Print, from the listing below, the lines starting at the line containing "by rewrite (ltW" and ending at the line containing "have B_inf : has_inf", exactly as they stand, and print nothing else.

• • •

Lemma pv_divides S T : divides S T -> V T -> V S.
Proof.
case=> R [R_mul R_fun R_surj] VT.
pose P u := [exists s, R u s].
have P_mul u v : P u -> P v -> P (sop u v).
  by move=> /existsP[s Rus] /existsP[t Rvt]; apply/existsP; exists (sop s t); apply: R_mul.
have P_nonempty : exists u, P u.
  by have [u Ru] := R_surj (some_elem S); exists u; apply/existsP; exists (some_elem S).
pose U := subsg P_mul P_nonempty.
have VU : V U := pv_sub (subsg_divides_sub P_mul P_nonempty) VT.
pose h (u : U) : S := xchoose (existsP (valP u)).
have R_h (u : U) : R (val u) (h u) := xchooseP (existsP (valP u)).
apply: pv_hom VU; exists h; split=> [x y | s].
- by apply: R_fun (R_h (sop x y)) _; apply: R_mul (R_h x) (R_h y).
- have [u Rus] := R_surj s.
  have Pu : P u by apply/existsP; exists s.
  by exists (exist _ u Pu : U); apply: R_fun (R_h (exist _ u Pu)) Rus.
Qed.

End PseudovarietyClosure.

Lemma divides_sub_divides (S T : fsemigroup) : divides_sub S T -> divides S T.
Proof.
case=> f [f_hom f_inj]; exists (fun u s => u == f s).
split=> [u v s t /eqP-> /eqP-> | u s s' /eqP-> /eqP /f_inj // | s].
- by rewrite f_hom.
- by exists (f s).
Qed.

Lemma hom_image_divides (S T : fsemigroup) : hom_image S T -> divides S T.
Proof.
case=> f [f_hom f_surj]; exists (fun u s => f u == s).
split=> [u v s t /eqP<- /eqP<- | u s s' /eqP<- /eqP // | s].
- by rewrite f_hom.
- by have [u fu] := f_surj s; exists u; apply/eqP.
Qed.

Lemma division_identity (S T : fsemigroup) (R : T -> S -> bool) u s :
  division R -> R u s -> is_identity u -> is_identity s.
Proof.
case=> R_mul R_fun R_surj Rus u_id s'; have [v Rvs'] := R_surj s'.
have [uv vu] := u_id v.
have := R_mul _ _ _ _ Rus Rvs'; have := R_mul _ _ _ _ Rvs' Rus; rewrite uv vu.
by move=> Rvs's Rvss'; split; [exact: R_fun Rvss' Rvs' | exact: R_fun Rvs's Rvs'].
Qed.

• • •

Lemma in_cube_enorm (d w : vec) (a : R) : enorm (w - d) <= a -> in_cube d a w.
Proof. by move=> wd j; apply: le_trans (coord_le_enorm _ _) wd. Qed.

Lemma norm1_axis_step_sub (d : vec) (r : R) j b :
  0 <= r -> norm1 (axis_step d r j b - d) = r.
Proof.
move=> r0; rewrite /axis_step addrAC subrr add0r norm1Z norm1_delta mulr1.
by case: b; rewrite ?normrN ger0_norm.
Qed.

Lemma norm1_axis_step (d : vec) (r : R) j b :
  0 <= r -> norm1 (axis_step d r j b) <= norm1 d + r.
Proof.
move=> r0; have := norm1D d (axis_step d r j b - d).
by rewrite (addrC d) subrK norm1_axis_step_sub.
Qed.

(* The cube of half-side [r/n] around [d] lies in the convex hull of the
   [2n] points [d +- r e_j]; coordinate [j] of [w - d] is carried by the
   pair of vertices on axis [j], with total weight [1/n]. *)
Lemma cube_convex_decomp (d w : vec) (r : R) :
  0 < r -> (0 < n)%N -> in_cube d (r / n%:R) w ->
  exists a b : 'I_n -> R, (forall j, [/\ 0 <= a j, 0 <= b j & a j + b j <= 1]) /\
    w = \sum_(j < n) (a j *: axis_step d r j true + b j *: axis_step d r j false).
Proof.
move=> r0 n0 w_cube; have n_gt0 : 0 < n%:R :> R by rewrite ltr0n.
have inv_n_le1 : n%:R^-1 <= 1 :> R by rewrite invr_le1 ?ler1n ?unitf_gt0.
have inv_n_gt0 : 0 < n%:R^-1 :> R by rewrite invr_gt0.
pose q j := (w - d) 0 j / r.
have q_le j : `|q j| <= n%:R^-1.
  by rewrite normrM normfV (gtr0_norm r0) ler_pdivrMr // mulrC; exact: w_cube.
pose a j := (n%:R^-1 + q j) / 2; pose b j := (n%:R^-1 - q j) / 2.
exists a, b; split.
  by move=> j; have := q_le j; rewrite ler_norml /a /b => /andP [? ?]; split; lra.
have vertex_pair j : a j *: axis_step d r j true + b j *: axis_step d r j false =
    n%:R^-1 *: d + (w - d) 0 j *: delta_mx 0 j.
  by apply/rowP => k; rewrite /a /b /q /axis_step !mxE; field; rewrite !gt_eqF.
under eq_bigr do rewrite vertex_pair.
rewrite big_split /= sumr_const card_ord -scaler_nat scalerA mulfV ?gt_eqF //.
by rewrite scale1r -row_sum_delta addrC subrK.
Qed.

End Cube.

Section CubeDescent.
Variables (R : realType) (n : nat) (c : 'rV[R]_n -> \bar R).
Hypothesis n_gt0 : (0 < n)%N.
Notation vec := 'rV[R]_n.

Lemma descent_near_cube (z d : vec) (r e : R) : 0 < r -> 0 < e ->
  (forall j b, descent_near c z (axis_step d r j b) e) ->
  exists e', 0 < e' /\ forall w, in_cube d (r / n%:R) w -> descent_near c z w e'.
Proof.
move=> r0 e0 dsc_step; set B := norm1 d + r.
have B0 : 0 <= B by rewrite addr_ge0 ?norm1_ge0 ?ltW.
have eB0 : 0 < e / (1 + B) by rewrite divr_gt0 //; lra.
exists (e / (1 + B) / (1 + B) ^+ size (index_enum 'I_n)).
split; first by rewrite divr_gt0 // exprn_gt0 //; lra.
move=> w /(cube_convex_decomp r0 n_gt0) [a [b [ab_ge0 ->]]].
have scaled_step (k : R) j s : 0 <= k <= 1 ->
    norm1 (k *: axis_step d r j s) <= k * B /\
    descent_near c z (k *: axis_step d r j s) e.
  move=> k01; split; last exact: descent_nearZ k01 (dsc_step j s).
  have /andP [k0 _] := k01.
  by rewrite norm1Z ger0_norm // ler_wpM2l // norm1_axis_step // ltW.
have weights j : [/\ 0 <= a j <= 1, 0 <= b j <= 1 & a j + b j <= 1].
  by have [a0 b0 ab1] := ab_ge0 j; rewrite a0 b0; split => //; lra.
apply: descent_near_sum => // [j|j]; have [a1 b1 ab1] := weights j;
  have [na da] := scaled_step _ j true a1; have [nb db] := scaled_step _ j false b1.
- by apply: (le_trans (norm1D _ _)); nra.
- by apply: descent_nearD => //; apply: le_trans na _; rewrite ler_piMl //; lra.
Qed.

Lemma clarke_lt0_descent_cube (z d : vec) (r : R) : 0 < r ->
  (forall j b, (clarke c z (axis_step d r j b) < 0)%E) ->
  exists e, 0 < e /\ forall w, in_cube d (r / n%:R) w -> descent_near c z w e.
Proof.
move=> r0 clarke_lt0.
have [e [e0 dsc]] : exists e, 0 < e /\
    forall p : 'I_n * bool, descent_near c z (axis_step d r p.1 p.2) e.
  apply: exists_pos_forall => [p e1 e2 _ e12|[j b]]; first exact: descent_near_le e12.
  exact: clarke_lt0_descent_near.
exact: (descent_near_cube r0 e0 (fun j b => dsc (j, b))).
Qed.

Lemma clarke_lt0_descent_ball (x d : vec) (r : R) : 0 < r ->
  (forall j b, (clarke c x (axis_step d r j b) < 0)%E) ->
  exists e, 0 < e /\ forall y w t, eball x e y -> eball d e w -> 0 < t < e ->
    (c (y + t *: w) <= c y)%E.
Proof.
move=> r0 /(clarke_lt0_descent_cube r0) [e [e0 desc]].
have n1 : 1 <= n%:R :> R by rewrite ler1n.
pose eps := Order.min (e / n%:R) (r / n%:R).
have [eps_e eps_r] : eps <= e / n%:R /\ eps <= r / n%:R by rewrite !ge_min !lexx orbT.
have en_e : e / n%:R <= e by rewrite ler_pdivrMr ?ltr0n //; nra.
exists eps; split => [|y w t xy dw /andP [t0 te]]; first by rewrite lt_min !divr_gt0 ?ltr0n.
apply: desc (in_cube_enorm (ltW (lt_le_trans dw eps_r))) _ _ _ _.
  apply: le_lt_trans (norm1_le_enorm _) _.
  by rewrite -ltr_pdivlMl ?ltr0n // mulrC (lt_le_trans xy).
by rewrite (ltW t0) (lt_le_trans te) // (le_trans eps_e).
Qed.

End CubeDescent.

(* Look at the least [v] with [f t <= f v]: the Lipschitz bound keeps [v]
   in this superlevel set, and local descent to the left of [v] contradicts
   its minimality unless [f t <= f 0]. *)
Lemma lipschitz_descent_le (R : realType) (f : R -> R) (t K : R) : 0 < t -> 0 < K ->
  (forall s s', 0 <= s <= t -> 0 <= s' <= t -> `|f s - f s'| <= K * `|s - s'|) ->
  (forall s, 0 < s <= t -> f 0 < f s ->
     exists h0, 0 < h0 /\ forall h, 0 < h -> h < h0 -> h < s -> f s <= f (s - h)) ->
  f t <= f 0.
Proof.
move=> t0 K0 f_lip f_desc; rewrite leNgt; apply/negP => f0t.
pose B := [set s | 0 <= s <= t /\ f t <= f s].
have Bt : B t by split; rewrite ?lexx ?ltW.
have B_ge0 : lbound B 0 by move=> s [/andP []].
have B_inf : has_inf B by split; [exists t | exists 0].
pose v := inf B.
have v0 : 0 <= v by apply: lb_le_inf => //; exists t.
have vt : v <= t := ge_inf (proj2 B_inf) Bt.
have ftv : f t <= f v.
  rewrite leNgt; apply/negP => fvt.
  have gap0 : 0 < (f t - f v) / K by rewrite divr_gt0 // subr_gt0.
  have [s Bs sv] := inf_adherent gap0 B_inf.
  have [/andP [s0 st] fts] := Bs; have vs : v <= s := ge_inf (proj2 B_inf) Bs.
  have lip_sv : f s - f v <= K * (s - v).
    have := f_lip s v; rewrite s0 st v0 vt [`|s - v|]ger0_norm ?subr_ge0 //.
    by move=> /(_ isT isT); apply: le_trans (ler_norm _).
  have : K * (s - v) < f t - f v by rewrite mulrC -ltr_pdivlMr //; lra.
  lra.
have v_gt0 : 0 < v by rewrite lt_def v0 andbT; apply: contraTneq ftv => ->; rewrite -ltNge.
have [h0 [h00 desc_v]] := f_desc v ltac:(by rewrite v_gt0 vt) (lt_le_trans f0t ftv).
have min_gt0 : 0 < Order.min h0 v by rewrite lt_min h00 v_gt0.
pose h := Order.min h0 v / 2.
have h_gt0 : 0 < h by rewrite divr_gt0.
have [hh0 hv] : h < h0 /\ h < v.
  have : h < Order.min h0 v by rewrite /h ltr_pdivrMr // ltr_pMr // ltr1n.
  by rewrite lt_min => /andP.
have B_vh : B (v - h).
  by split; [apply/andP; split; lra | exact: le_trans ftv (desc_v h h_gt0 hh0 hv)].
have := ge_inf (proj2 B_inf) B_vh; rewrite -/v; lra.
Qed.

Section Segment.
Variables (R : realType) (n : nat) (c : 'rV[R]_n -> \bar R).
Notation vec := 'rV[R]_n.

• • •

RESPONSE
by rewrite (ltW t0) (lt_le_trans te) // (le_trans eps_e).
Qed.

End CubeDescent.

(* Look at the least [v] with [f t <= f v]: the Lipschitz bound keeps [v]
   in this superlevel set, and local descent to the left of [v] contradicts
   its minimality unless [f t <= f 0]. *)
Lemma lipschitz_descent_le (R : realType) (f : R -> R) (t K : R) : 0 < t -> 0 < K ->
  (forall s s', 0 <= s <= t -> 0 <= s' <= t -> `|f s - f s'| <= K * `|s - s'|) ->
  (forall s, 0 < s <= t -> f 0 < f s ->
     exists h0, 0 < h0 /\ forall h, 0 < h -> h < h0 -> h < s -> f s <= f (s - h)) ->
  f t <= f 0.
Proof.
move=> t0 K0 f_lip f_desc; rewrite leNgt; apply/negP => f0t.
pose B := [set s | 0 <= s <= t /\ f t <= f s].
have Bt : B t by split; rewrite ?lexx ?ltW.
have B_ge0 : lbound B 0 by move=> s [/andP []].
have B_inf : has_inf B by split; [exists t | exists 0].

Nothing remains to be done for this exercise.